Limoges : un policier devant la justice pour avoir frappé indûment un interpellé

En avril 2020, une interpellation musclée et polémique a été filmée par des riverains du quartier de Beaubreuil à Limoges. Un policier comparaissait ce 22 février 2021 devant la justice.

Le policier en compagnie de son avocat, le 22 février 2020 au palais de justice de Limoges
Le policier en compagnie de son avocat, le 22 février 2020 au palais de justice de Limoges © F3 Limousin -

Le 21 avril 2020, une équipe de trois policiers de la brigade anti-criminalité a procédé à l’interpellation d’un individu soupçonné de trafic de stupéfiant dans le quartier de Beaubreuil à Limoges. Il était bien connu des services de police pour avoir été expulsé à deux reprises du territoire français alors qu’il était en situation irrégulière.

L’individu ne s’est pas laissé pas impressionner face à un policier qui lui a demandé de se mettre à terre. Il a avancé vers le fonctionnaire qui a alors fait usage de son flashball pour le stopper.

 

Contexte tendu

Ses collègues sont intervenus pour menotter l’individu. C’est à ce moment que l’un d’entre eux lui  a asséné un grand coup de pied dans le dos.

Un "geste technique inapproprié" pour l'avocat du policier
Un "geste technique inapproprié" pour l'avocat du policier © Vidéo Twitter

Les 3 policiers étaient seuls dans le quartier, dans l’attente de renforts, et face à quelques habitants mal intentionnés qui les menaçaient. Leur objectif était d’évacuer rapidement l’interpellé en voiture avant que la situation ne dégénère.

 

Vidéo amateur

L’avocat du policier qualifie le coup de pied dans le dos de « geste technique inapproprié».

La scène a été filmée par des riverains. Le lendemain, des émeutes ont éclaté dans les quartiers de Beaubreuil et de La Bastide où la police mène une lutte sans merci contre les trafics de drogue en tout genre.

Le procureur de la République a saisi l’IGPN (Inspection générale de la police nationale), qui a rendu son rapport quelques mois plus tard.

 

Plaider coupable

Le policier qui a frappé indûment une personne à terre comparaissait lundi 22 février 2021 dans le cadre d’une procédure de plaider coupable. Le procureur de la République lui aurait selon nos informations proposé une peine de prison et d’interdiction d’exercer avec sursis. Nous n’avons pas pu confirmer cette information.

Son avocat juge que cette peine est « adaptée aux circonstances du dossier». Il craignait une interdiction d’exercer sans aucun sursis.

Comme la loi l’y autorise, le policier s’est laissé un délai de réflexion. Sa peine sera entérinée par un juge le 17 mai prochain.

 

Travail de bureau

Depuis avril 2020, la vie professionnelle de ce fonctionnaire de terrain a bien changé. Après une  longue période de congé maladie, il effectue maintenant un travail de bureau et s’apprête à passer des examens internes. Il ne fait donc plus partie de la brigade anti-criminalité.

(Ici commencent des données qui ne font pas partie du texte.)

(* Let $m,\ell\ge 2$. If $\sigma_1\in\mathcal{S}_{m,1}^{1\prec m}(1324)$ and $\sigma_2\in\mathcal{S}_{\ell,k}^{1\prec \ell}(1324)$ for some $k\ge1$, then $\sigma_1\odot\sigma_2\in\mathcal{S}_{n,k+1}^{1\prec n}(1324)$, where $n=\ell+m-1$.
   Context: $\mathcal{S}_n(1324)$ denotes the set of permutations of $\{1,\dots,n\}$ (in one-line notation) avoiding the pattern $1324$. For $a,k\ge1$, $\mathcal{S}_{n,k}^{a\prec n}(1324)$ is the set of $\sigma\in\mathcal{S}_n(1324)$ with $\sigma^{-1}(n)-\sigma^{-1}(a)=k$ and $\sigma^{-1}(b)>\sigma^{-1}(n)$ for all $b\in\{1,\dots,a-1\}$. Elements of $\mathcal{S}_{m,1}^{1\prec m}(1324)$ are called primitives; such a permutation has the form $\sigma_1=\pi_1\,1\,m\,\tau_1$ with words $\pi_1,\tau_1$ (possibly empty). Given a primitive $\sigma_1=\pi_1\,1\,m\,\tau_1$ of size $m$ and a permutation $\sigma_2\in\mathcal{S}_\ell(1324)$ of the form $\sigma_2=\pi_2\,1\,\theta_2\,\ell\,\tau_2$ (words $\pi_2,\theta_2,\tau_2$ possibly empty, so $1$ is to the left of $\ell$), the product is $\sigma_1\odot\sigma_2=\widehat{\pi}_2\,\pi_1\,1\,m\,\widehat{\theta}_2\,n\,\widehat{\tau}_2\,\tau_1$, where $n=\ell+m-1$ and $\widehat{\pi}_2,\widehat{\theta}_2,\widehat{\tau}_2$ are obtained from $\pi_2,\theta_2,\tau_2$ by adding $m-1$ to each entry. For example $2143\odot 41253=7214586 3$. *)

From mathcomp Require Import all_boot.
Set Implicit Arguments. Unset Strict Implicit. Unset Printing Implicit Defensive.

Definition is_perm (n : nat) (s : seq nat) : bool := perm_eq s (iota 1 n).

Definition avoids1324 (s : seq nat) : Prop :=
  ~ exists i j k l, [/\ i < j, j < k, k < l & l < size s] /\
      [/\ nth 0 s i < nth 0 s k, nth 0 s k < nth 0 s j & nth 0 s j < nth 0 s l].

Definition S1324 (n : nat) (s : seq nat) : Prop := is_perm n s /\ avoids1324 s.

(* Positions (0-based; only differences/comparisons matter). *)
Definition pos (x : nat) (s : seq nat) : nat := index x s.

(* S_{n,k}^{a < n}(1324): sigma^{-1}(n) - sigma^{-1}(a) = k (k >= 1 in use) and
   every b in {1,...,a-1} lies to the right of n. *)
Definition S_prec (n k a : nat) (s : seq nat) : Prop :=
  [/\ S1324 n s,
      (pos n s = pos a s + k)%N &
      forall b, 1 <= b < a -> pos n s < pos b s].

(* The product sigma1 (.) sigma2 with m = size sigma1, l = size sigma2.
   sigma1 = pi1 1 m tau1,  sigma2 = pi2 1 theta2 l tau2. *)
Definition odot (s1 s2 : seq nat) : seq nat :=
  let m := size s1 in
  let l := size s2 in
  let n := (l + m - 1)%N in
  let pi1 := take (pos 1 s1) s1 in
  let tau1 := drop (pos 1 s1).+2 s1 in
  let pi2 := take (pos 1 s2) s2 in
  let theta2 := drop (pos 1 s2).+1 (take (pos l s2) s2) in
  let tau2 := drop (pos l s2).+1 s2 in
  let hat := map (addn (m - 1)) in
  hat pi2 ++ pi1 ++ [:: 1; m] ++ hat theta2 ++ [:: n] ++ hat tau2 ++ tau1.

Example odot_ex : odot [:: 2; 1; 4; 3] [:: 4; 1; 2; 5; 3] = [:: 7; 2; 1; 4; 5; 8; 6; 3].
Proof. by []. Qed.

From mathcomp Require Import all_boot zify.

(* In sigma1 (.) sigma2 the entries <= m, read from left to right, spell sigma1,
   and the entries >= m spell sigma2 shifted by m - 1.  Moreover, on each side of
   m all entries larger than m precede all entries smaller than m.  Hence an
   occurrence a c b d of 1324 either lies in one of these two subsequences, or
   has a < m < d and straddles m; then either a c b followed by m is an
   occurrence among the entries <= m, or m followed by c b d is one among the
   entries >= m. *)

Definition pattern1324_at (s : seq nat) i j k l :=
  [/\ i < j, j < k, k < l & l < size s] /\
  [/\ nth 0 s i < nth 0 s k, nth 0 s k < nth 0 s j & nth 0 s j < nth 0 s l].

Lemma nth_filter_count {T : Type} (x0 : T) (p : pred T) s i :
  i < size s -> p (nth x0 s i) -> nth x0 (filter p s) (count p (take i s)) = nth x0 s i.
Proof.
elim: s i => [|x s IHs] [|i] //= lt_i_s pi; first by rewrite pi.
by case: (p x); rewrite /= ?add0n IHs.
Qed.

Lemma count_take_ltn {T : Type} (x0 : T) (p : pred T) s i j :
  i < j -> i < size s -> p (nth x0 s i) -> count p (take i s) < count p (take j s).
Proof.
move=> lt_ij lt_i_s pi; rewrite -(subnKC (ltnW lt_ij)) takeD count_cat (drop_nth x0 lt_i_s).
have -> : j - i = (j - i).-1.+1 by lia.
by rewrite /= pi; lia.
Qed.

Lemma pattern1324_filter (p : pred nat) {s i j k l} : pattern1324_at s i j k l ->
  p (nth 0 s i) -> p (nth 0 s j) -> p (nth 0 s k) -> p (nth 0 s l) ->
  ~ avoids1324 (filter p s).
Proof.
move=> [[ij jk kl ls] vals] pi pj pk pl; apply.
exists (count p (take i s)), (count p (take j s)), (count p (take k s)), (count p (take l s)).
rewrite !nth_filter_count; try lia; split=> //; split; last rewrite size_filter -{2}(take_size s).
all: by apply: (count_take_ltn 0) => //; lia.
Qed.

Lemma avoids1324_map_addn c s : avoids1324 s -> avoids1324 (map (addn c) s).
Proof.
move=> avoid [i [j [k [l [[ij jk kl]]]]]]; rewrite size_map => ls.
rewrite !(nth_map 0 0); try lia; move=> [ik kj jl]; apply: avoid.
by exists i, j, k, l; split; split=> //; lia.
Qed.

Definition high_then_low (m : nat) (X : seq nat) : Prop :=
  exists U V, X = U ++ V /\ all (fun x => m < x) U && all (fun x => x < m) V.

Lemma high_then_low_nth m X : high_then_low m X ->
  exists c, forall p, p < size X -> (m < nth 0 X p <-> p < c) /\ nth 0 X p != m.
Proof.
move=> [U [V [-> /andP[hiU loV]]]]; exists (size U) => p; rewrite size_cat nth_cat => pUV.
have [pU | Up] := ltnP p (size U).
  by have /= := allP hiU _ (mem_nth 0 pU); lia.
have pV : p - size U < size V by lia.
by have /= := allP loV _ (mem_nth 0 pV); lia.
Qed.

Lemma avoids1324_high_low m X Y : high_then_low m X -> high_then_low m Y ->
  avoids1324 [seq x <- X ++ m :: Y | x <= m] ->
  avoids1324 [seq x <- X ++ m :: Y | m <= x] -> avoids1324 (X ++ m :: Y).
Proof.
move=> /high_then_low_nth[cX hX] /high_then_low_nth[cY hY] lo hi [i [j [k [l pat]]]].
set r := X ++ m :: Y in lo hi pat.
have rX : nth 0 r (size X) = m by rewrite nth_cat ltnn subnn.
have sideL p : p < size X -> (m < nth 0 r p <-> p < cX) /\ nth 0 r p != m.
  by move=> pX; rewrite nth_cat pX; apply: hX.
have sideR p : size X < p < size r ->
    (m < nth 0 r p <-> p < size X + cY.+1) /\ nth 0 r p != m.
  move=> /andP[Xp pr]; rewrite nth_cat (ltnNge p) (ltnW Xp) /=.
  have -> : p - size X = (p - (size X).+1).+1 by lia.
  by have := hY (p - (size X).+1); rewrite size_cat /= in pr *; lia.
have [[ij jk kl lr] [ik kj jl]] := pat.
have [d_le_m | m_lt_d] := leqP (nth 0 r l) m.
  by apply: (pattern1324_filter (fun x => x <= m) pat _ _ _ _ lo) => /=; lia.
have [m_le_a | a_lt_m] := leqP m (nth 0 r i).
  by apply: (pattern1324_filter (fun x => m <= x) pat _ _ _ _ hi) => /=; lia.
have atX p : p = size X -> nth 0 r p = m by move->.
have iX : i < size X by move: (atX i) (sideR i) (sideR l); lia.
have Xl : size X < l by move: (atX l) (sideL i) (sideL l); lia.
have [kX | Xk | kE] := ltngtP k (size X).
- have c_lt_m : nth 0 r j < m by move: (sideL i) (sideL j); lia.
  have patL : pattern1324_at r i j k (size X) by split; split; rewrite ?rX; lia.
  by apply: (pattern1324_filter (fun x => x <= m) patL _ _ _ _ lo) => /=; rewrite ?rX; lia.
- have m_lt_b : m < nth 0 r k by move: (sideR k) (sideR l); lia.
  have Xj : size X < j by move: (atX j) (sideL i) (sideL j); lia.
  have patH : pattern1324_at r (size X) j k l by split; split; rewrite ?rX; lia.
  by apply: (pattern1324_filter (fun x => m <= x) patH _ _ _ _ hi) => /=; rewrite ?rX; lia.
- by move: kj; rewrite kE rX; move: (sideL i) (sideL j); lia.
Qed.

Lemma perm_iota_interior n A B C :
  perm_eq (A ++ 1 :: B ++ n :: C) (iota 1 n) -> all (fun x => 1 < x < n) (A ++ B ++ C).
Proof.
move=> perm_s; have perm_ends : perm_eq (A ++ 1 :: B ++ n :: C) (1 :: n :: A ++ B ++ C).
  by apply/permP => p; rewrite /= !count_cat /= count_cat /=; lia.
have := perm_uniq perm_ends; rewrite (perm_uniq perm_s) iota_uniq /= inE.
move=> /esym/and3P[/norP[_ one_notin] n_notin _].
apply/allP => x x_in; have : x \in iota 1 n.
  by rewrite -(perm_mem perm_s) (perm_mem perm_ends) !inE x_in !orbT.
have : x != 1 by apply: contraNneq one_notin => <-.
have : x != n by apply: contraNneq n_notin => <-.
by rewrite mem_iota; lia.
Qed.

Section Glue.

Variables (m l : nat) (pi1 tau1 pi2 th2 tau2 : seq nat).
Hypotheses (m_ge2 : 2 <= m) (l_ge2 : 2 <= l).
Hypothesis perm1 : perm_eq (pi1 ++ 1 :: m :: tau1) (iota 1 m).
Hypothesis perm2 : perm_eq (pi2 ++ 1 :: th2 ++ l :: tau2) (iota 1 l).

Local Notation hat := (map (addn (m - 1))).
Local Notation glued :=
  (hat pi2 ++ pi1 ++ [:: 1; m] ++ hat th2 ++ [:: l + m - 1] ++ hat tau2 ++ tau1).

Let interior1 : all (fun x => 1 < x < m) pi1 && all (fun x => 1 < x < m) tau1.
Proof. by rewrite -all_cat; apply: (@perm_iota_interior m pi1 [::] tau1). Qed.

Let interior2 : [&& all (fun x => 1 < x < l) pi2, all (fun x => 1 < x < l) th2
                  & all (fun x => 1 < x < l) tau2].
Proof. by rewrite -!all_cat; apply: perm_iota_interior. Qed.

Let hat_interior t : all (fun y => 1 < y < l) t -> {in hat t, forall x, m < x < l + m - 1}.
Proof. by move=> /allP t_b _ /mapP[y /t_b y_b ->]; lia. Qed.

Lemma filter_le_glued : [seq x <- glued | x <= m] = pi1 ++ 1 :: m :: tau1.
Proof.
have drop_hat t : all (fun y => 1 < y < l) t -> [seq x <- hat t | x <= m] = [::].
  move=> /hat_interior t_b; rewrite -(filter_pred0 (hat t)).
  by apply: eq_in_filter => x /t_b /=; lia.
have keep t : all (fun y => 1 < y < m) t -> [seq x <- t | x <= m] = t.
  by move=> /allP t_b; apply/all_filterP/allP => x /t_b; lia.
case/andP: interior1 => pi1_b tau1_b; case/and3P: interior2 => pi2_b th2_b tau2_b.
rewrite !filter_cat /= !drop_hat // !keep // leqnn.
have -> : (l + m - 1 <= m) = false by lia.
by rewrite (ltnW m_ge2).
Qed.

Lemma filter_ge_glued :
  [seq x <- glued | m <= x] = hat (pi2 ++ 1 :: th2 ++ l :: tau2).
Proof.
have keep_hat t : all (fun y => 1 < y < l) t -> [seq x <- hat t | m <= x] = hat t.
  by move=> /hat_interior t_b; apply/all_filterP/allP => x /t_b; lia.
have drop t : all (fun y => 1 < y < m) t -> [seq x <- t | m <= x] = [::].
  move=> /allP t_b; rewrite -(filter_pred0 t).
  by apply: eq_in_filter => x /t_b /=; lia.
case/andP: interior1 => pi1_b tau1_b; case/and3P: interior2 => pi2_b th2_b tau2_b.
rewrite !filter_cat /= !keep_hat // !drop // leqnn map_cat /= map_cat /=.
have -> : (m <= 1) = false by lia.
have -> : (m <= l + m - 1) = true by lia.
have -> : m - 1 + 1 = m by lia.
have -> : m - 1 + l = l + m - 1 by lia.
by rewrite cats0.
Qed.

Lemma perm_glued : perm_eq glued (iota 1 (l + m - 1)).
Proof.
have split_m : perm_eq (m :: glued)
    ((pi1 ++ 1 :: m :: tau1) ++ hat (pi2 ++ 1 :: th2 ++ l :: tau2)).
  rewrite map_cat /= map_cat /=.
  have -> : m - 1 + 1 = m by lia.
  have -> : m - 1 + l = l + m - 1 by lia.
  by apply/permP => p; rewrite /=; do !rewrite count_cat /=; lia.
have hat_iota : hat (iota 1 l) = iota m l by rewrite -iotaDl subnK //; lia.
have iota_m : perm_eq (iota 1 m ++ iota m l) (m :: iota 1 (l + m - 1)).
  have -> : l + m - 1 = m + (l - 1) by lia.
  have -> : iota m l = m :: iota (1 + m) (l - 1) by case: l l_ge2 => // l' _; rewrite /= subn1.
  by rewrite iotaD -cat1s perm_catCA.
rewrite -(perm_cons m); apply: perm_trans split_m _; apply: perm_trans iota_m.
by rewrite -hat_iota perm_cat // perm_map.
Qed.

Lemma avoids1324_glued :
  avoids1324 (pi1 ++ 1 :: m :: tau1) -> avoids1324 (pi2 ++ 1 :: th2 ++ l :: tau2) ->
  avoids1324 glued.
Proof.
move=> avoid1 avoid2.
case/andP: interior1 => pi1_b tau1_b; case/and3P: interior2 => pi2_b th2_b tau2_b.
have high t : all (fun y => 1 < y < l) t -> all (fun x => m < x) (hat t).
  by move=> /hat_interior t_b; apply/allP => x /t_b; lia.
have low t : all (fun y => 1 < y < m) t -> all (fun x => x < m) t.
  by move=> /allP t_b; apply/allP => x /t_b; lia.
have split_m : glued = (hat pi2 ++ pi1 ++ [:: 1]) ++ m :: hat th2 ++ l + m - 1 :: hat tau2 ++ tau1.
  by rewrite -!catA.
rewrite split_m; apply: avoids1324_high_low.
- exists (hat pi2), (pi1 ++ [:: 1]); split=> //.
  by rewrite high // all_cat low //= andbT; lia.
- exists (hat th2 ++ l + m - 1 :: hat tau2), tau1; split; first by rewrite -catA.
  by rewrite all_cat /= !high // low //=; lia.
- by rewrite -split_m filter_le_glued.
- by rewrite -split_m filter_ge_glued; apply: avoids1324_map_addn.
Qed.

Lemma index_glued : index (l + m - 1) glued = index 1 glued + (size th2).+2.
Proof.
case/andP: interior1 => pi1_b tau1_b; case/and3P: interior2 => pi2_b th2_b tau2_b.
have notin_hat t x : all (fun y => 1 < y < l) t -> x <= m \/ l + m - 1 <= x ->
    (x \in hat t) = false.
  by move=> /hat_interior t_b x_out; apply/negbTE/negP => /t_b; lia.
have notin_pi1 x : x <= 1 \/ m <= x -> (x \in pi1) = false.
  by move=> x_out; apply/negbTE/negP => /(allP pi1_b); lia.
have [n_ne1 n_nem] : (l + m - 1 == 1) = false /\ (l + m - 1 == m) = false by lia.
rewrite !index_cat !(notin_hat _ _ pi2_b) ?notin_pi1; try lia.
rewrite /= !inE n_ne1 n_nem eqxx (notin_hat _ _ th2_b) /= ?size_map; lia.
Qed.

End Glue.

Lemma cat_take_index2 {T : eqType} {s : seq T} x {y} :
  y \in s -> index x s < index y s ->
  s = take (index x s) s ++ x :: drop (index x s).+1 (take (index y s) s)
        ++ y :: drop (index y s).+1 s.
Proof.
move=> y_in lt_xy; have y_lt : index y s < size s by rewrite index_mem.
have x_in : x \in s by rewrite -index_mem (ltn_trans lt_xy y_lt).
rewrite -{1}(cat_take_drop (index y s) s) (drop_nth y y_lt) nth_index //.
rewrite -{1}(cat_take_drop (index x s) (take (index y s) s)) take_takel ?(ltnW lt_xy) //.
by rewrite (drop_nth x) ?size_takel ?(ltnW y_lt) // nth_take // nth_index // -catA.
Qed.

Lemma cat_take_index_succ {T : eqType} {s : seq T} x {y} :
  y \in s -> index y s = (index x s).+1 ->
  s = take (index x s) s ++ x :: y :: drop (index x s).+2 s.
Proof.
move=> y_in index_y; rewrite {1}(cat_take_index2 x y_in) index_y ?ltnSn //.
by rewrite [drop _ (take _ _)]drop_oversize // size_take_min geq_minl.
Qed.

Theorem mainTheorem2 (m l k : nat) (s1 s2 : seq nat) :
  2 <= m -> 2 <= l -> 1 <= k ->
  S_prec m 1 1 s1 -> S_prec l k 1 s2 ->
  S_prec (l + m - 1) k.+1 1 (odot s1 s2).
Proof.
move=> m_ge2 l_ge2 k_ge1 [[perm1 avoid1] pos1 _] [[perm2 avoid2] pos2 _].
rewrite /pos in pos1 pos2; rewrite addn1 in pos1.
have size1 : size s1 = m by rewrite (perm_size perm1) size_iota.
have size2 : size s2 = l by rewrite (perm_size perm2) size_iota.
have m_in : m \in s1 by rewrite (perm_mem perm1) mem_iota; lia.
have l_in : l \in s2 by rewrite (perm_mem perm2) mem_iota; lia.
have dec1 : s1 = take (index 1 s1) s1 ++ 1 :: m :: drop (index 1 s1).+2 s1
  := cat_take_index_succ 1 m_in pos1.
have dec2 : s2 = take (index 1 s2) s2 ++ 1 :: drop (index 1 s2).+1 (take (index l s2) s2)
                   ++ l :: drop (index l s2).+1 s2.
  by apply: cat_take_index2 => //; rewrite pos2; lia.
rewrite /odot size1 size2.
set pi1 := take _ s1 in dec1 *; set tau1 := drop _ s1 in dec1 *.
set pi2 := take _ s2 in dec2 *; set th2 := drop _ (take _ s2) in dec2 *.
set tau2 := drop _ s2 in dec2 *.
have size_th2 : size th2 = k - 1.
  have l_lt : index l s2 < size s2 by rewrite index_mem.
  by rewrite /th2 size_drop size_takel ?(ltnW l_lt); lia.
rewrite dec1 in perm1 avoid1; rewrite dec2 in perm2 avoid2.
split; [split | | by move=> b; lia].
- exact: perm_glued.
- exact: avoids1324_glued.
- by rewrite /pos index_glued // size_th2; lia.
Qed.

A la suite de la sanction pénale, il passera devant un conseil de discipline et subira une sanction professionnelle.  

Cette affaire a laissé des traces au sein de la brigade anti-criminalité de Limoges. Le policier qui a fait usage de son flashball le 21 avril 2020 a reçu des menaces. Il a demandé sa mutation et l’a obtenue.

 

Lutte contre les trafics de drogue

En toile de fonds de cette affaire où un fonctionnaire a manifestement dérapé, il y a la lutte sans merci que mène le directeur de la sécurité publique de Limoges contre les trafics de drogue.

Le weekend du 20 février 2021, le nom de plusieurs policiers de secteurs et de la BAC ont été inscrits sur la porte d’un immeuble de la Bastide. Selon Yannick Salabert, le directeur de la police, « tous les moyens sont bons pour se débarrasser de ceux qui nuisent aux trafics».

Et puisque les noms des fonctionnaires n’avaient pas encore été effacés ce lundi matin, la police a utilisé une solution radicale : la porte a été saisie.